╭─ Study material

(* Let $\alpha\in\mathbb R$ and let $(\mathfrak g_1,\varphi_1,\xi_1,\eta_1,g_1)$ and $(\mathfrak g_2,\varphi_2,\xi_2,\eta_2,g_2)$ be two almost $\alpha$-coK\''ahler Lie algebras with $\mathcal L_{\xi_i}\varphi_i=0$ for $i=1,2$ (in particular, two $K$-cosymplectic Lie algebras). For $i=1,2$ let $\mathfrak h_i=\ker\eta_i$, $J_i=\varphi_i|_{\mathfrak h_i}$, $h_i=g_i|_{\mathfrak h_i\times\mathfrak h_i}$ and $D_i=\mathrm{ad}_{\xi_i}|_{\mathfrak h_i}$. Then $\mathfrak g_1$ and $\mathfrak g_2$ are isomorphic (as almost $\alpha$-coK\''ahler Lie algebras) if and only if there exists an isomorphism $\psi:(\mathfrak h_1,J_1,h_1)\to(\mathfrak h_2,J_2,h_2)$ of almost K\''ahler Lie algebras such that $\psi\circ D_1=D_2\circ\psi$.
   Context: For a Lie algebra, $d\eta(x,y)=-\eta([x,y])$ and $d\omega(x,y,z)=-\omega([x,y],z)-\omega([y,z],x)-\omega([z,x],y)$. An almost contact metric structure on a $(2n+1)$-dimensional Lie algebra $\mathfrak g$ is $(\varphi,\xi,\eta,g)$ with $\eta(\xi)=1$, $\varphi^2=-I+\eta\otimes\xi$, $\eta\circ\varphi=0$, $g$ positive definite with $g(\varphi x,\varphi y)=g(x,y)-\eta(x)\eta(y)$; $\Phi(x,y)=g(x,\varphi y)$. It is almost $\alpha$-coK\''ahler if $\eta\wedge\Phi^n\neq0$, $d\eta=0$, $d\Phi=2\alpha\,\eta\wedge\Phi$; for $\alpha=0$ it is almost coK\''ahler, and $K$-cosymplectic if moreover $\xi$ is Killing. $\mathcal L_\xi\varphi=\mathrm{ad}_\xi\circ\varphi-\varphi\circ\mathrm{ad}_\xi$. An almost K\''ahler structure on a $2n$-dimensional Lie algebra is $(J,h)$, $J^2=-I$, $h$ positive definite, $h(Jx,Jy)=h(x,y)$, $h(x,Jy)$ closed and nondegenerate. Isomorphism of almost $\alpha$-coK\''ahler Lie algebras: Lie algebra isomorphism $\Psi$ with $\Psi\circ\varphi_1=\varphi_2\circ\Psi$, $\eta_2\circ\Psi=\eta_1$, $\Psi\xi_1=\xi_2$, $\Psi^*g_2=g_1$. Isomorphism of almost K\''ahler Lie algebras: Lie algebra isomorphism $\psi$ with $\psi\circ J_1=J_2\circ\psi$, $\psi^*h_2=h_1$. *)

From HB Require Import structures.
From mathcomp Require Import all_boot all_order all_algebra all_fingroup.
From mathcomp Require Import reals.
Set Implicit Arguments. Unset Strict Implicit. Unset Printing Implicit Defensive.
Import Order.TTheory GRing.Theory Num.Theory.
Local Open Scope ring_scope.

Section Defs.
Variable R : realType.

Definition linear_fun (V W : lmodType R) (f : V -> W) : Prop :=
  forall (a : R) (x y : V), f (a *: x + y) = a *: f x + f y.

Definition bilinear_fun (V W : lmodType R) (b : V -> V -> W) : Prop :=
  (forall y, linear_fun (fun x => b x y)) /\ (forall x, linear_fun (b x)).

Definition is_lie_bracket (V : lmodType R) (br : V -> V -> V) : Prop :=
  ((bilinear_fun br) /\
     ((forall x, br x x = 0)) /\
     ((forall x y z, br x (br y z) + br y (br z x) + br z (br x y) = 0))).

╰─

Copy each record above so that no word or mark differs.

(* Let $\alpha\in\mathbb R$ and let $(\mathfrak g_1,\varphi_1,\xi_1,\eta_1,g_1)$ and $(\mathfrak g_2,\varphi_2,\xi_2,\eta_2,g_2)$ be two almost $\alpha$-coK\''ahler Lie algebras with $\mathcal L_{\xi_i}\varphi_i=0$ for $i=1,2$ (in particular, two $K$-cosymplectic Lie algebras). For $i=1,2$ let $\mathfrak h_i=\ker\eta_i$, $J_i=\varphi_i|_{\mathfrak h_i}$, $h_i=g_i|_{\mathfrak h_i\times\mathfrak h_i}$ and $D_i=\mathrm{ad}_{\xi_i}|_{\mathfrak h_i}$. Then $\mathfrak g_1$ and $\mathfrak g_2$ are isomorphic (as almost $\alpha$-coK\''ahler Lie algebras) if and only if there exists an isomorphism $\psi:(\mathfrak h_1,J_1,h_1)\to(\mathfrak h_2,J_2,h_2)$ of almost K\''ahler Lie algebras such that $\psi\circ D_1=D_2\circ\psi$.
   Context: For a Lie algebra, $d\eta(x,y)=-\eta([x,y])$ and $d\omega(x,y,z)=-\omega([x,y],z)-\omega([y,z],x)-\omega([z,x],y)$. An almost contact metric structure on a $(2n+1)$-dimensional Lie algebra $\mathfrak g$ is $(\varphi,\xi,\eta,g)$ with $\eta(\xi)=1$, $\varphi^2=-I+\eta\otimes\xi$, $\eta\circ\varphi=0$, $g$ positive definite with $g(\varphi x,\varphi y)=g(x,y)-\eta(x)\eta(y)$; $\Phi(x,y)=g(x,\varphi y)$. It is almost $\alpha$-coK\''ahler if $\eta\wedge\Phi^n\neq0$, $d\eta=0$, $d\Phi=2\alpha\,\eta\wedge\Phi$; for $\alpha=0$ it is almost coK\''ahler, and $K$-cosymplectic if moreover $\xi$ is Killing. $\mathcal L_\xi\varphi=\mathrm{ad}_\xi\circ\varphi-\varphi\circ\mathrm{ad}_\xi$. An almost K\''ahler structure on a $2n$-dimensional Lie algebra is $(J,h)$, $J^2=-I$, $h$ positive definite, $h(Jx,Jy)=h(x,y)$, $h(x,Jy)$ closed and nondegenerate. Isomorphism of almost $\alpha$-coK\''ahler Lie algebras: Lie algebra isomorphism $\Psi$ with $\Psi\circ\varphi_1=\varphi_2\circ\Psi$, $\eta_2\circ\Psi=\eta_1$, $\Psi\xi_1=\xi_2$, $\Psi^*g_2=g_1$. Isomorphism of almost K\''ahler Lie algebras: Lie algebra isomorphism $\psi$ with $\psi\circ J_1=J_2\circ\psi$, $\psi^*h_2=h_1$. *)

From HB Require Import structures.
From mathcomp Require Import all_boot all_order all_algebra all_fingroup.
From mathcomp Require Import reals.
Set Implicit Arguments. Unset Strict Implicit. Unset Printing Implicit Defensive.
Import Order.TTheory GRing.Theory Num.Theory.
Local Open Scope ring_scope.

Section Defs.
Variable R : realType.

Definition linear_fun (V W : lmodType R) (f : V -> W) : Prop :=
  forall (a : R) (x y : V), f (a *: x + y) = a *: f x + f y.

Definition bilinear_fun (V W : lmodType R) (b : V -> V -> W) : Prop :=
  (forall y, linear_fun (fun x => b x y)) /\ (forall x, linear_fun (b x)).

Definition is_lie_bracket (V : lmodType R) (br : V -> V -> V) : Prop :=
  ((bilinear_fun br) /\
     ((forall x, br x x = 0)) /\
     ((forall x y z, br x (br y z) + br y (br z x) + br z (br x y) = 0))).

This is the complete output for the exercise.